Libraries abroad: Bodleian Library to be renovated

8 March 2010

Oxford University’s world-famous Bodleian Library has unveiled its plans for the restoration and renovation of the New Bodleian library building. The long-awaited project has been designed by Wilkinson Eyre Architects. It will be renamed the Weston Library, in honour of the donation given in March 2008 by the Garfield Weston Foundation.

The restoration project has three aims: to create high-quality storage for the library’s valuable Special Collections, which include the precious manuscripts, books and maps that the Bodleian preserves for the international world of scholarship; to develop the library’s facilities for the support of advanced research; and to expand public access to its great treasures through new exhibition galleries and other facilities.
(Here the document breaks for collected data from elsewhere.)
(* $$1\le\liminf_{j\to+\infty}\frac{\log p^{(j)}_j}{j\log j}\le\limsup_{j\to+\infty}\frac{\log p^{(j)}_j}{j\log j}\le2.$$
   Context: Let $p_n$ denote the $n$-th prime number. Define $p^{(0)}_n=n$ and recursively $p^{(k+1)}_n=p_{p^{(k)}_n}$ for $k\in\mathbb N_0$. $\log$ is the natural logarithm. *)

From mathcomp Require Import all_boot all_order all_algebra.
From mathcomp Require Import all_classical all_reals all_analysis.
Set Implicit Arguments. Unset Strict Implicit. Unset Printing Implicit Defensive.
Import Order.TTheory GRing.Theory Num.Theory.

Lemma next_prime_ex (m : nat) : exists p, (m < p) && prime p.
Proof. by case: (prime_above m) => p mp pp; exists p; rewrite mp pp. Qed.

Definition next_prime (m : nat) : nat := ex_minn (next_prime_ex m).

(* nth_prime n = p_n, the n-th prime, 1-indexed: p_1 = 2, p_2 = 3, ...
   nth_prime 0 = 1 is an unused sentinel. *)
Fixpoint nth_prime (n : nat) : nat :=
  if n is n'.+1 then next_prime (nth_prime n') else 1.

Fixpoint iter_prime (k n : nat) : nat :=
  if k is k'.+1 then nth_prime (iter_prime k' n) else n.

(* Upper bound: Chebyshev's estimate 2^m <= 'C(2m, m) <= (2m)^pi(2m) yields
   p_n <= 4n (log2 n + 2), hence p^(k)_j <= j (4j^2 + 8)^k for k <= j, and
   log p^(j)_j <= (2 + o(1)) j log j.
   Lower bound: the primorial bound prod_(p <= N) p <= 8^N, applied to the primes
   above sqrt N, gives pi(N) log N <= 8N, i.e. log p_n >= log n + log log n - log 8.
   So y_k = log p^(k)_j grows by at least log y_k - log 8 per step: after the first
   a j steps y_k exceeds a j, and each of the remaining (1 - a) j steps adds at least
   log (a j) - log 8, whence log p^(j)_j >= (1 - a - o(1)) j log j. *)

From mathcomp Require Import all_boot all_order all_algebra.
From mathcomp Require Import all_classical all_reals all_analysis.
From mathcomp Require Import zify ring lra.
Import Order.TTheory GRing.Theory Num.Theory.
Set Implicit Arguments. Unset Strict Implicit. Unset Printing Implicit Defensive.

Lemma next_primeP m :
  [/\ m < next_prime m, prime (next_prime m) &
      forall q, m < q -> prime q -> next_prime m <= q].
Proof.
rewrite /next_prime; case: ex_minnP => p /andP[lt_mp p_pr] p_min.
by split=> // q lt_mq q_pr; apply: p_min; rewrite lt_mq q_pr.
Qed.

Lemma nth_prime_gt n : n < nth_prime n.
Proof.
elim: n => //= n IHn; have [lt_p _ _] := next_primeP (nth_prime n); lia.
Qed.

Lemma prime_nth_prime n : 0 < n -> prime (nth_prime n).
Proof. by case: n => // n _; case: (next_primeP (nth_prime n)). Qed.

Lemma iter_prime_ge k n : n <= iter_prime k n.
Proof. by elim: k => //= k IHk; apply: leq_trans IHk (ltnW (nth_prime_gt _)). Qed.

Fixpoint prime_pi x := if x is x'.+1 then prime_pi x' + prime x else 0.

Lemma prime_piE x : prime_pi x = count prime (iota 0 x.+1).
Proof.
elim: x => // x IHx.
by rewrite [LHS]/= IHx -[x.+2]addn1 iotaD count_cat /= !addn0 add0n.
Qed.

Lemma prime_pi_leq x : prime_pi x <= x.
Proof. by elim: x => //= x IHx; case: (prime x.+1) => /=; lia. Qed.

Lemma leq_prime_pi : {homo prime_pi : x y / x <= y}.
Proof.
move=> x y /subnKC <-; elim: (y - x) => [|d IHd]; rewrite ?addn0 // addnS /=; lia.
Qed.

Lemma prime_pi_pred p : prime p -> (prime_pi p.-1).+1 = prime_pi p.
Proof. by case: p => // p p_pr; rewrite /= p_pr addn1. Qed.

Lemma prime_pi_gap a d :
  (forall q, a < q <= a + d -> ~~ prime q) -> prime_pi (a + d) = prime_pi a.
Proof.
elim: d => [|d IHd] no_pr; first by rewrite addn0.
rewrite addnS /= IHd => [|q le_q]; last by apply: no_pr; lia.
by rewrite (negbTE (no_pr _ _)) ?addn0 //; lia.
Qed.

Lemma prime_pi_next_prime m : prime_pi (next_prime m) = (prime_pi m).+1.
Proof.
have [lt_mp p_pr p_min] := next_primeP m.
rewrite -(prime_pi_pred p_pr) -(subnKC (_ : m <= (next_prime m).-1)); last by lia.
rewrite prime_pi_gap // => q /andP[lt_mq le_q]; apply/negP => q_pr.
by have := p_min q lt_mq q_pr; lia.
Qed.

Lemma prime_pi_nth_prime n : prime_pi (nth_prime n) = n.
Proof. by elim: n => //= n IHn; rewrite prime_pi_next_prime IHn. Qed.

Lemma nth_prime_leq n x : 0 < n -> n <= prime_pi x -> nth_prime n <= x.
Proof.
move=> n_gt0 le_n_pi; rewrite leqNgt; apply/negP => lt_x_p.
have := prime_pi_pred (prime_nth_prime n_gt0); rewrite prime_pi_nth_prime.
by have := @leq_prime_pi x (nth_prime n).-1 ltac:(lia); lia.
Qed.

Fixpoint prime_prod a k :=
  if k is k'.+1 then prime_prod a k' * (if prime (a + k) then a + k else 1) else 1.

Definition primorial n := prime_prod 0 n.

Lemma prime_prodD a b k :
  prime_prod a (b + k) = prime_prod a b * prime_prod (a + b) k.
Proof.
elim: k => [|k IHk]; first by rewrite addn0 muln1.
by rewrite addnS /= IHk -mulnA !addnS addnA.
Qed.

Lemma prime_prod_gt0 a k : 0 < prime_prod a k.
Proof.
elim: k => //= k IHk; rewrite muln_gt0 IHk /=.
by case: ifP => // _; rewrite addn_gt0 orbT.
Qed.

Lemma prime_prod_geq a k : a.+1 ^ (prime_pi (a + k) - prime_pi a) <= prime_prod a k.
Proof.
elim: k => [|k IHk]; first by rewrite addn0 subnn.
rewrite addnS /= -addnS; have := leq_prime_pi (leq_addr k a).
case: (prime (a + k.+1)) => /= le_pi; last by rewrite addn0 muln1.
rewrite (_ : _ + 1 - _ = (prime_pi (a + k) - prime_pi a).+1); last by lia.
by rewrite expnS mulnC leq_mul // addnS ltnS leq_addr.
Qed.

Lemma prime_dvd_fact p n : prime p -> (p %| n`!) = (p <= n).
Proof.
move=> p_pr; apply/idP/idP => [|le_pn]; last by rewrite dvdn_fact ?prime_gt0.
elim: n => [|n IHn]; first by rewrite dvdn1 => /eqP p1; rewrite p1 in p_pr.
by rewrite factS Euclid_dvdM // => /orP[/dvdn_leq -> // | /IHn]; lia.
Qed.

Lemma coprime_prime_prod_fact a k : coprime (prime_prod a k) a`!.
Proof.
elim: k => [|k IHk] /=; first exact: coprime1n.
rewrite coprimeMl IHk; case: ifP => [p_pr|_]; last exact: coprime1n.
by rewrite prime_coprime // prime_dvd_fact //; lia.
Qed.

Lemma prime_prod_dvd_fact a k : prime_prod a k %| (a + k)`!.
Proof.
elim: k => [|k IHk] /=; first exact: dvd1n.
by rewrite addnS factS mulnC dvdn_mul //; case: ifP.
Qed.

Lemma prime_prod_dvd_bin a k : k <= a -> prime_prod a k %| 'C(a + k, k).
Proof.
move=> le_ka; have cop_a := coprime_prime_prod_fact a k.
have cop_k : coprime (prime_prod a k) k`!.
  by apply: coprime_dvdr cop_a; rewrite (fact_split le_ka) dvdn_mulr.
rewrite -(@Gauss_dvdl _ _ (k`! * (a + k - k)`!)); last by rewrite addnK coprimeMr cop_k.
by rewrite bin_fact ?leq_addl // prime_prod_dvd_fact.
Qed.

Lemma bin_leq_exp2 n k : 'C(n, k) <= 2 ^ n.
Proof.
elim: n k => [|n IHn] [|k] //=; first by rewrite expn_gt0.
by rewrite binS expnS mul2n -addnn leq_add.
Qed.

Lemma primorial_odd_leq m : primorial m.*2.+1 <= primorial m.+1 * 2 ^ m.*2.+1.
Proof.
rewrite /primorial (_ : m.*2.+1 = m.+1 + m); last by lia.
rewrite prime_prodD leq_mul2l; apply/orP; right.
apply: leq_trans (bin_leq_exp2 _ m); apply: dvdn_leq; first by rewrite bin_gt0 leq_addl.
exact: prime_prod_dvd_bin.
Qed.

Lemma primorial_leq n : primorial n <= 8 ^ n.
Proof.
elim/ltn_ind: n => -[|n] IHn //.
have [n1_pr | n1_npr] := boolP (prime n.+1); last first.
  rewrite /primorial /= (negbTE n1_npr) muln1.
  by apply: leq_trans (IHn n _) _; rewrite ?leq_exp2l.
case: (even_prime n1_pr) => [-> // | n1_odd].
have n_eq : n.+1 = (n./2).*2.+1.
  by have := odd_double_half n.+1; rewrite n1_odd /=; lia.
have n_gt1 := prime_gt1 n1_pr.
rewrite n_eq; apply: leq_trans (primorial_odd_leq _) _.
apply: leq_trans (leq_mul (IHn _ _) (leqnn _)) _; first by lia.
by rewrite (_ : 8 = 2 ^ 3) // -!expnM -expnD leq_exp2l //; lia.
Qed.

Lemma exp2_leq_bin_mid m : 2 ^ m <= 'C(m.*2, m).
Proof.
elim: m => [|m IHm] //; rewrite doubleS !binS expnS mul2n -addnn.
by apply: leq_add; apply: leq_trans IHm _; [exact: leq_addl | exact: leq_bin2l].
Qed.

Lemma logn_fact_wide p n N : prime p -> n < N ->
  logn p n`! = \sum_(1 <= k < N) n %/ p ^ k.
Proof.
move=> p_pr lt_nN; rewrite logn_fact // [RHS](big_cat_nat _ (n := n.+1)) //=.
rewrite [X in _ = _ + X]big1_seq ?addn0 // => k /andP[_].
rewrite mem_iota => /andP[le_nk _]; apply: divn_small.
apply: leq_trans (ltn_expl _ (prime_gt1 p_pr)) _.
by rewrite leq_exp2l ?prime_gt1 // ltnW.
Qed.

Lemma divn_addnn_leq p m k : 1 < p ->
  (m + m) %/ p ^ k <= m %/ p ^ k + m %/ p ^ k + (k <= trunc_log p (m + m)).
Proof.
move=> p_gt1; case: (leqP k) => [_|lt_tk]; first exact: leq_divDl.
rewrite divn_small //; apply: leq_trans (trunc_log_ltn _ p_gt1) _.
by rewrite leq_exp2l.
Qed.

Lemma sum_leq_indicator N t : \sum_(1 <= k < N.+1) (k <= t) = minn N t.
Proof.
elim: N => [|N IHN]; first by rewrite big_geq //; lia.
by rewrite big_nat_recr //= IHN; case: leqP => /=; lia.
Qed.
The renovation of the New Bodleian is part of an integrated strategy to improve the management of and access to the Bodleian Libraries’ historic collections. To accommodate the books now housed in the New Bodleian and to provide space for the Libraries’ growing collections, the University is constructing a book storage facility in Swindon which will open in late 2010.

Richard Ovenden, associate director and keeper of special collections claims that it is a major project for a working academic library. They need to move over 3.5 million books out of the building before work begins. However, as a working University library, it will continue to deliver normal high standards of book and information delivery.